◆ **Exercise prompt**: Needed from the data below: every line from the one with "(C : R) (e : nat" up to and including the one with "- have m_pos", repeated exactly and with nothing else.

═══ Exercise inputs ═══

(* Let $N\ge2$. Then there exist a unital complex algebra $A$ and $F\in\mathcal G_N^{dif}(A)$ such that if $G,H\in\mathcal G_N^{dif}(A)$ satisfy $(G\circ F)^j(z)=z_j$ and $(F\circ H)^j(z)=z_j$ for all $j$, then $G\neq H$; that is, the left and right substitutional inverses of a power series are in general distinct.
   Context: Let $A$ be a unital complex algebra and $z_1,\dots,z_N$ non-commuting variables commuting with elements of $A$; for a word $w=w(1)\cdots w(p)$ over $\{1,\dots,N\}$ put $z_w=z_{w(1)}\cdots z_{w(p)}$. $\mathcal G_N^{dif}(A)$ is the set of $N$-tuples $F=(F^1,\dots,F^N)$ of formal power series $F^j(z)=z_j+\sum_{|u|\ge2}f_u^jz_u$, $f_u^j\in A$; put $f_k^j=\delta_{jk}$. Substitution: $(F\circ G)^i(z)=\sum_w f_w^i\,G^{w(1)}(z)\cdots G^{w(q)}(z)$, the sum over nonempty words $w$ with $q=|w|$. *)

From HB Require Import structures.
From mathcomp Require Import all_boot all_order all_algebra.
From mathcomp Require Import Rstruct.
From mathcomp Require Import complex.
Set Implicit Arguments. Unset Strict Implicit. Unset Printing Implicit Defensive.
Import Order.TTheory GRing.Theory Num.Theory.
Local Open Scope ring_scope.

Definition Cplx : fieldType := (Rdefinitions.R)[i].

(* A formal power series in N non-commuting variables z_0,...,z_{N-1}
   (commuting with A) is given by its coefficient function on words:
   s u is the coefficient of z_u.  An N-tuple of series is a function
   'I_N -> (seq 'I_N -> A), F j = F^j. *)
Definition series_tuple (N : nat) (A : Type) := 'I_N -> seq 'I_N -> A.

Definition Gdif (N : nat) (A : nzRingType) (F : series_tuple N A) : Prop :=
  forall j : 'I_N,
    F j [::] = 0 /\ (forall k : 'I_N, F j [:: k] = (j == k)%:R).

(* Coefficient of z_v in the product G^{w(1)} ... G^{w(q)} of series
   (variables commute with coefficients, so (a z_u)(b z_u') = ab z_{uu'}). *)
Fixpoint prod_coef (N : nat) (A : nzRingType) (G : series_tuple N A)
    (w : seq 'I_N) (v : seq 'I_N) : A :=
  match w with
  | [::] => if v == [::] then 1 else 0
  | j :: w' => \sum_(k < (size v).+1) G j (take k v) * prod_coef G w' (drop k v)
  end.

(* Substitution (F o G)^i = sum_{w nonempty} f^i_w G^{w(1)} ... G^{w(q)}.  When G has zero constant terms (as for G in Gdif),
   the product G^{w(1)}...G^{w(q)} has no terms of degree < q, so only
   words w with 1 <= |w| <= |v| contribute to z_v; the sum is finite. *)
Definition subst (N : nat) (A : nzRingType) (F G : series_tuple N A)
  : series_tuple N A :=
  fun i v => \sum_(1 <= q < (size v).+1) \sum_(t : q.-tuple 'I_N)
               F i (tval t) * prod_coef G (tval t) v.

Definition id_series (N : nat) (A : nzRingType) : series_tuple N A :=
  fun j v => if v == [:: j] then 1 else 0.

From HB Require Import structures.
From mathcomp Require Import all_boot all_order all_algebra zify.
Set Implicit Arguments. Unset Strict Implicit. Unset Printing Implicit Defensive.
Import GRing.Theory.
Local Open Scope ring_scope.

(* Take F^j = z_j + c_j z_0 z_j.  If G were both a left and a right inverse
   of F, the right-inverse equations G^j + c_j G^0 G^j = z_j would determine
   the coefficients of G on the words 0^k j, while the left-inverse equation
   G(F) = z at the word 0 0 0 i only involves the coefficients of G^i on the
   words 0 0 0 i, 0 0 i and 0 i.  Substituting the former into the latter
   gives c_i c_i c_0 = c_i c_0 c_i, which fails for the matrix units
   c_0 = E_01 and c_i = E_00 of M_2(C). *)

Lemma sum_tupleS (V : nmodType) (I : finType) q (f : q.+1.-tuple I -> V) :
  \sum_(t : q.+1.-tuple I) f t = \sum_(x : I) \sum_(t : q.-tuple I) f (cons_tuple x t).
Proof.
rewrite pair_big /= (reindex (fun p : I * q.-tuple I => cons_tuple p.1 p.2)) //=.
exists (fun t : q.+1.-tuple I => (thead t, behead_tuple t)).
  by move=> [x t] _; congr pair; apply: val_inj.
by move=> t _; apply: val_inj; rewrite /= [in RHS](tuple_eta t).
Qed.

Lemma sum_tuple0 (V : nmodType) (I : finType) (f : 0.-tuple I -> V) :
  \sum_(t : 0.-tuple I) f t = f [tuple].
Proof. by rewrite (big_pred1 [tuple]) // => t; rewrite [t]tuple0 /= eqxx. Qed.

Lemma sum_if_eq (V : nmodType) (I : finType) (i : I) (f : I -> V) :
  \sum_(j : I) (if j == i then f j else 0) = f i.
Proof. by rewrite -big_mkcond big_pred1_eq. Qed.

Section Coefficients.

Variables (N : nat) (A : nzRingType).
Implicit Types (F G : series_tuple N A) (P : seq 'I_N -> A) (t v : seq 'I_N).

(* The coefficient of z_v in P(G^1(z), ..., G^N(z)), provided the G^j have no
   constant term. *)
Definition comp_coef P G v :=
  \sum_(0 <= q < (size v).+1) \sum_(t : q.-tuple 'I_N) P t * prod_coef G t v.

Lemma subst_comp_coef F G i v :
  F i [::] = 0 -> subst F G i v = comp_coef (F i) G v.
Proof.
by move=> F0; rewrite /comp_coef big_ltn // sum_tuple0 /= F0 mul0r add0r.
Qed.

Lemma prod_coef_cons G j t v :
  prod_coef G (j :: t) v =
  \sum_(k < (size v).+1) G j (take k v) * prod_coef G t (drop k v).
Proof. by []. Qed.

Lemma prod_coef1 G j v : prod_coef G [:: j] v = G j v.
Proof.
rewrite /= big_ord_recr /= take_size drop_size eqxx mulr1 big1 ?add0r // => k _.
by rewrite -size_eq0 size_drop subn_eq0 leqNgt ltn_ord mulr0.
Qed.

Lemma comp_coef_nil P G : comp_coef P G [::] = P [::].
Proof. by rewrite /comp_coef big_nat1 sum_tuple0 mulr1. Qed.

Section ConstantFree.

Variable G : series_tuple N A.
Hypothesis G0 : forall j, G j [::] = 0.

Lemma prod_coef_small t v : (size v < size t)%N -> prod_coef G t v = 0.
Proof.
elim: t v => [|x t IHt] v; first by rewrite ltn0.
move=> /= ltvt; apply: big1 => -[[|k] /= ltkv] _.
  by rewrite take0 G0 mul0r.
by rewrite IHt ?mulr0 // size_drop; lia.
Qed.

Lemma comp_coef_widen P v m : (size v < m)%N ->
  comp_coef P G v = \sum_(0 <= q < m) \sum_(t : q.-tuple 'I_N) P t * prod_coef G t v.
Proof.
move=> ltvm; rewrite /comp_coef (big_nat_widen _ _ m) // big_mkcond.
apply: eq_bigr => q _; case: ltnP => // leq; rewrite big1 // => t _.
by rewrite prod_coef_small ?mulr0 // size_tuple.
Qed.

Lemma subst_quadratic F i v :
  F i [::] = 0 -> (forall w, (2 < size w)%N -> F i w = 0) ->
  subst F G i v = \sum_j F i [:: j] * G j v +
    \sum_j \sum_l F i [:: j; l] *
      \sum_(k < (size v).+1) G j (take k v) * G l (drop k v).
Proof.
move=> F0 F2; rewrite subst_comp_coef // (@comp_coef_widen _ _ (size v).+3); last lia.
rewrite !big_nat_recl // [X in _ + (_ + (_ + X))]big1 ?addr0 => [|q _]; last first.
  by apply: big1 => t _; rewrite F2 ?mul0r // size_tuple.
rewrite sum_tuple0 F0 mul0r add0r !sum_tupleS.
congr (_ + _); apply: eq_bigr => j _; first by rewrite sum_tuple0 prod_coef1.
rewrite sum_tupleS; apply: eq_bigr => l _; rewrite sum_tuple0.
by rewrite prod_coef_cons !mulr_sumr; apply: eq_bigr => k _; rewrite prod_coef1 mulrA.
Qed.

End ConstantFree.

Section QuadraticInner.

Variable Q : series_tuple N A.
Hypotheses (Q0 : forall j, Q j [::] = 0) (Q1 : forall j k, Q j [:: k] = (j == k)%:R)
  (Q2 : forall j w, (2 < size w)%N -> Q j w = 0).

Lemma comp_coef1 P y : comp_coef P Q [:: y] = P [:: y].
Proof.
rewrite /comp_coef big_nat_recl // big_nat1 sum_tuple0 mulr0 add0r sum_tupleS.
rewrite -(sum_if_eq y (fun x => P [:: x])); apply: eq_bigr => x _.
rewrite sum_tuple0 prod_coef1 Q1.
by case: (x =P y) => [->|_]; rewrite ?mulr1 ?mulr0.
Qed.

Lemma prod_coef_cons2 x t y z v :
  prod_coef Q (x :: t) [:: y, z & v] =
  (x == y)%:R * prod_coef Q t (z :: v) + Q x [:: y; z] * prod_coef Q t v.
Proof.
rewrite prod_coef_cons !big_ord_recl big1 ?addr0 => [|k _]; rewrite !lift0 /=.
  by rewrite take0 Q0 mul0r add0r Q1 drop0.
by rewrite Q2 ?mul0r //; case: v k => [[]|].
Qed.

Lemma comp_coef_cons2 P y z v :
  comp_coef P Q [:: y, z & v] = comp_coef (fun t => P (y :: t)) Q (z :: v) +
    \sum_x comp_coef (fun t => P (x :: t) * Q x [:: y; z]) Q v.
Proof.
rewrite {1}/comp_coef big_nat_recl // sum_tuple0 mulr0 add0r.
rewrite (eq_bigr (fun q =>
    \sum_(t : q.-tuple 'I_N) P (y :: t) * prod_coef Q t (z :: v) +
    \sum_x \sum_(t : q.-tuple 'I_N) P (x :: t) * Q x [:: y; z] * prod_coef Q t v)).
  rewrite big_split /= exchange_big; congr (_ + _); apply: eq_bigr => x _.
  by rewrite (@comp_coef_widen Q Q0 _ _ (size v).+2).
move=> q _; rewrite sum_tupleS.
under eq_bigr do under eq_bigr do rewrite prod_coef_cons2 mulrDr !mulrA.
under eq_bigr do rewrite big_split /=.
rewrite big_split /=; congr (_ + _).
rewrite -(sum_if_eq y (fun x =>
  \sum_(t : q.-tuple 'I_N) P (x :: t) * prod_coef Q t (z :: v))).
apply: eq_bigr => x _; case: (x =P y) => [->|_].
  by under eq_bigr do rewrite mulr1.
by rewrite big1 // => t _; rewrite mulr0 mul0r.
Qed.

End QuadraticInner.
End Coefficients.

Definition ring_id_laws := (mul0r, mulr0, mul1r, mulr1, add0r, addr0).

Section QuadSeries.

Variables (n : nat) (A : nzRingType) (c : 'I_n.+1 -> A).

Definition quad_series : series_tuple n.+1 A := fun j w =>
  if w == [:: j] then 1 else if w == [:: ord0; j] then c j else 0.

Lemma quad_series_nil j : quad_series j [::] = 0.
Proof. by []. Qed.

Lemma quad_series1 j k : quad_series j [:: k] = (j == k)%:R.
Proof. by rewrite /quad_series !eqseq_cons andbF andbT eq_sym; case: eqP. Qed.

Lemma quad_series2 j l m :
  quad_series j [:: l; m] = if (l == ord0) && (m == j) then c j else 0.
Proof. by rewrite /quad_series !eqseq_cons andbF !andbT. Qed.

Lemma quad_series_large j w : (2 < size w)%N -> quad_series j w = 0.
Proof.
by move=> w3; rewrite /quad_series !ifN //; apply/eqP => wE; rewrite wE in w3.
Qed.

Lemma Gdif_quad_series : Gdif quad_series.
Proof. by move=> j; split; [apply: quad_series_nil | apply: quad_series1]. Qed.

Lemma subst_quad_series G j v : (forall k, G k [::] = 0) ->
  subst quad_series G j v =
  G j v + c j * \sum_(k < (size v).+1) G ord0 (take k v) * G j (drop k v).
Proof.
move=> G0; rewrite subst_quadratic //; last exact: quad_series_large.
congr (_ + _).
  rewrite -(sum_if_eq j (fun l => G l v)); apply: eq_bigr => l _.
  by rewrite quad_series1 eq_sym; case: (l =P j) => _; rewrite ?mul1r ?mul0r.
rewrite (bigD1 ord0) //= [X in _ + X]big1 ?addr0 => [|l /negbTE l0]; last first.
  by apply: big1 => m _; rewrite quad_series2 l0 mul0r.
rewrite (bigD1 j) //= [X in _ + X]big1 ?addr0 => [|m /negbTE mj]; last first.
  by rewrite quad_series2 eqxx mj mul0r.
by rewrite quad_series2 !eqxx.
Qed.

Lemma comp_coef_quad_series_ord0 P z v :
  comp_coef P quad_series [:: ord0, z & v] =
  comp_coef (fun t => P (ord0 :: t)) quad_series (z :: v) +
  comp_coef (fun t => P (z :: t) * c z) quad_series v.
Proof.
rewrite comp_coef_cons2 //; [|exact: quad_series1|exact: quad_series_large].
congr (_ + _); rewrite (bigD1 z) //= big1 ?addr0 => [|x /negbTE xz].
  by rewrite quad_series2 !eqxx.
rewrite /comp_coef big1 // => q _; apply: big1 => t _.
by rewrite quad_series2 eqxx eq_sym xz mulr0 mul0r.
Qed.

Section Inverses.

Variable G : series_tuple n.+1 A.
Hypothesis Gdif_G : Gdif G.

Lemma right_inverse_quad_series j v :
  subst quad_series G = @id_series _ A -> (1 < size v)%N ->
  G j v = - (c j * \sum_(k < (size v).+1) G ord0 (take k v) * G j (drop k v)).
Proof.
move=> right_inv v2; apply/eqP; rewrite -addr_eq0 -subst_quad_series; last first.
  by move=> k; case: (Gdif_G k).
by rewrite right_inv /id_series ifN //; apply/eqP => vj; rewrite vj in v2.
Qed.

Lemma left_inverse_quad_series i : subst G quad_series = @id_series _ A ->
  G i [:: ord0; ord0; ord0; i] + G i [:: ord0; ord0; i] * (c i + c ord0 + c ord0) +
  G i [:: ord0; i] * (c ord0 * c i) = 0.
Proof.
move/(congr1 (fun F => F i [:: ord0; ord0; ord0; i])).
rewrite /= subst_comp_coef; last by case: (Gdif_G i).
rewrite !comp_coef_quad_series_ord0 !comp_coef_nil !(comp_coef1 quad_series1) /=.
by rewrite /id_series eqseq_cons andbF !mulrDr !addrA mulrA.
Qed.

Lemma quad_series_inverse_comm i :
  subst G quad_series = @id_series _ A -> subst quad_series G = @id_series _ A ->
  c i * (c i * c ord0) = c i * (c ord0 * c i).
Proof.
move=> left_inv right_inv.
have G_nil k : G k [::] = 0 by case: (Gdif_G k).
have G_single k l : G k [:: l] = (k == l)%:R by case: (Gdif_G k).
have Gr j v := @right_inverse_quad_series j v right_inv.
have G0_00 : G ord0 [:: ord0; ord0] = - c ord0.
  by rewrite Gr // !big_ord_recl big_ord0 /= !(G_nil, G_single, eqxx, ring_id_laws).
have G0_000 : G ord0 [:: ord0; ord0; ord0] = c ord0 * (c ord0 + c ord0).
  rewrite Gr // !big_ord_recl big_ord0 /= !(G_nil, G_single, eqxx, ring_id_laws).
  by rewrite G0_00 -opprD mulrN opprK.
have Gi_0i : G i [:: ord0; i] = - c i.
  by rewrite Gr // !big_ord_recl big_ord0 /= !(G_nil, G_single, eqxx, ring_id_laws).
have Gi_00i : G i [:: ord0; ord0; i] = c i * (c i + c ord0).
  rewrite Gr // !big_ord_recl big_ord0 /= !(G_nil, G_single, eqxx, ring_id_laws).
  by rewrite Gi_0i G0_00 -opprD mulrN opprK.
have Gi_000i : G i [:: ord0; ord0; ord0; i] =
    - (c i * (c i * (c i + c ord0) + (c ord0 * c i + c ord0 * (c ord0 + c ord0)))).
  rewrite Gr // !big_ord_recl big_ord0 /= !(G_nil, G_single, eqxx, ring_id_laws).
  by rewrite Gi_00i Gi_0i G0_00 G0_000 mulrNN.
have := left_inverse_quad_series i left_inv; rewrite Gi_000i Gi_00i Gi_0i.
rewrite !(mulrDl, mulrDr, mulNr, mulrN, opprD, mulrA) !addrA -!mulrA.
(* Twelve monomials; pair off the ten that cancel. *)
rewrite (ACl ((1*6)*(3*7)*(4*9)*(5*11)*(2*8)*10*12)) /= !addNr !add0r.
exact: subr0_eq.
Qed.

End Inverses.

End QuadSeries.

Theorem corollary5 (N : nat) (hN : (2 <= N)%N) :
  exists (A : algType Cplx) (F : series_tuple N A),
    Gdif F /\
    forall G H : series_tuple N A,
      Gdif G -> Gdif H ->
      subst G F = @id_series N A ->
      subst F H = @id_series N A ->
      G <> H.
Proof.
case: N hN => [|[|n]] // _.
pose a : 'M[Cplx]_2 := delta_mx 0 1; pose b : 'M[Cplx]_2 := delta_mx 0 0.
exists 'M[Cplx]_2, (quad_series (fun j => if j == ord0 then a else b)).
split=> [|G H Gdif_G _ left_inv right_inv GH]; first exact: Gdif_quad_series.
rewrite -GH in right_inv.
have /= := quad_series_inverse_comm Gdif_G ord_max left_inv right_inv.
rewrite /a /b -!mulmxE !mul_delta_mx mul_delta_mx_0 // mulmx0.
by move/matrixP/(_ 0 1)/(@eqP Cplx); rewrite !mxE oner_eq0.
Qed.
Lemma near_bounded_annihilator (h : nat -> X -> R) (s : seq X) (eps : R) :
  0 <= C -> 0 < eps ->
  (forall n, is_linear_map (h n)) -> (forall n x, `|h n x| <= C * `|x|) ->
  (forall y, h n (xi y) @[n --> \oo] --> 0) ->
  \forall n \near \oo, exists2 k, bounded_annihilator xi C k &
    {in s, forall x, `|h n x - k x| < eps}.
Proof.
(* Otherwise a cluster point of h along the bad indices would be a bounded
   annihilator approximated by some bad h n. *)
move=> C0 eps0 hlin hC hxi; apply: contrapT => not_near.
pose good n := exists2 k, bounded_annihilator xi C k &
  {in s, forall x, `|h n x - k x| < eps}.
have bad_ne : ~ within (~` good) \oo set0.
  rewrite /within /= => bad0; apply: not_near; apply: filterS bad0 => n.
  exact: contrapT.
have bad_proper : ProperFilter (within (~` good) \oo).
  exact: Build_ProperFilter bad_ne (within_filter _ _).
pose G := h @ within (~` good) \oo.
have G_all A : (forall n, A (h n)) -> G A by move=> hA; apply: nearW => n _.
have bounded_seg (x : X) : compact `[- (C * `|x|), C * `|x|] by exact: segment_compact.
have [|phi [phi_bd phiG]] := tychonoff bounded_seg (fmap_proper_filter h bad_proper).
  by apply: G_all => n x; rewrite /= in_itv /= -ler_norml.
have phi_lin : is_linear_map phi := cluster_is_linear_map phiG (G_all _ hlin).
have phi_xi y : phi (xi y) = 0.
  apply: cluster_eval_eq0 phiG _ => r r0.
  by apply: cvg_within; exact: cvgr0_norm_le _ (hxi y) _ r0.
have phi_ann : bounded_annihilator xi C phi.
  by split=> // x; have := phi_bd x; rewrite /= in_itv /= -ler_norml.
have G_bad : G [set psi | exists2 n, ~ good n & psi = h n].
  by apply: nearW => n bad_n; exists n.
have [_ [n bad_n ->] hn_near] := cluster_near_evals s phiG G_bad eps0.
by apply: bad_n; exists phi.
Qed.

End PointwiseTopology.

Lemma bounded_annihilator_approx (R : realType) (X Y : normedModType R) (xi : Y -> X)
    (C : R) (e : nat -> X) (h : nat -> X -> R) :
  0 <= C -> (forall n, is_linear_map (h n)) -> (forall n x, `|h n x| <= C * `|x|) ->
  (forall y, h n (xi y) @[n --> \oo] --> 0) ->
  exists k : nat -> X -> R, (forall n, bounded_annihilator xi C (k n)) /\
    forall i, h n (e i) - k n (e i) @[n --> \oo] --> 0.
Proof.
move=> C0 hlin hC hxi.
pose approx n m := exists2 k, bounded_annihilator xi C k &
  forall i, (i < m)%N -> `|h n (e i) - k (e i)| < m.+1%:R^-1.
have [|m|M [approxM M_infty]] := @diagonal_index approx.
- by move=> n; exists (fun _ => 0); [exact: bounded_annihilator0|].
- have m_pos : 0 < m.+1%:R^-1 :> R by rewrite invr_gt0.
  have := near_bounded_annihilator (map e (iota 0 m)) C0 m_pos hlin hC hxi.
  apply: filterS => n [k k_ann k_near]; exists k => // i im.
  by apply: k_near; apply: map_f; rewrite mem_iota.
have /choice[k kP] : forall n, exists k, bounded_annihilator xi C k /\
    forall i, (i < M n)%N -> `|h n (e i) - k (e i)| < (M n).+1%:R^-1.
  by move=> n; have [k ? ?] := approxM n; exists k.
exists k; split=> [n|i]; first by case: (kP n).
apply/cvgrPdist_lt => eps eps0.
have /M_infty M_near : \forall m \near \oo, (i < m)%N /\ m.+1%:R^-1 < eps.
  near=> m; split; first by near: m; exact: nbhs_infty_gt.
  rewrite -[eps]invrK ltf_pV2 ?posrE ?invr_gt0 ?ltr0Sn //.
  apply: (@lt_trans _ _ m%:R); last by rewrite ltr_nat.
  by near: m; exact: nbhs_infty_gtr.
near=> n; rewrite sub0r normrN.
have [iM Meps] : (i < M n)%N /\ (M n).+1%:R^-1 < eps by near: n; exact: M_near.
by have [_ kn] := kP n; exact: lt_trans (kn i iM) Meps.
Unshelve. all: by end_near. Qed.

═══

◆ **Solved problem**:
    (C : R) (e : nat -> X) (h : nat -> X -> R) :
  0 <= C -> (forall n, is_linear_map (h n)) -> (forall n x, `|h n x| <= C * `|x|) ->
  (forall y, h n (xi y) @[n --> \oo] --> 0) ->
  exists k : nat -> X -> R, (forall n, bounded_annihilator xi C (k n)) /\
    forall i, h n (e i) - k n (e i) @[n --> \oo] --> 0.
Proof.
move=> C0 hlin hC hxi.
pose approx n m := exists2 k, bounded_annihilator xi C k &
  forall i, (i < m)%N -> `|h n (e i) - k (e i)| < m.+1%:R^-1.
have [|m|M [approxM M_infty]] := @diagonal_index approx.
- by move=> n; exists (fun _ => 0); [exact: bounded_annihilator0|].
- have m_pos : 0 < m.+1%:R^-1 :> R by rewrite invr_gt0.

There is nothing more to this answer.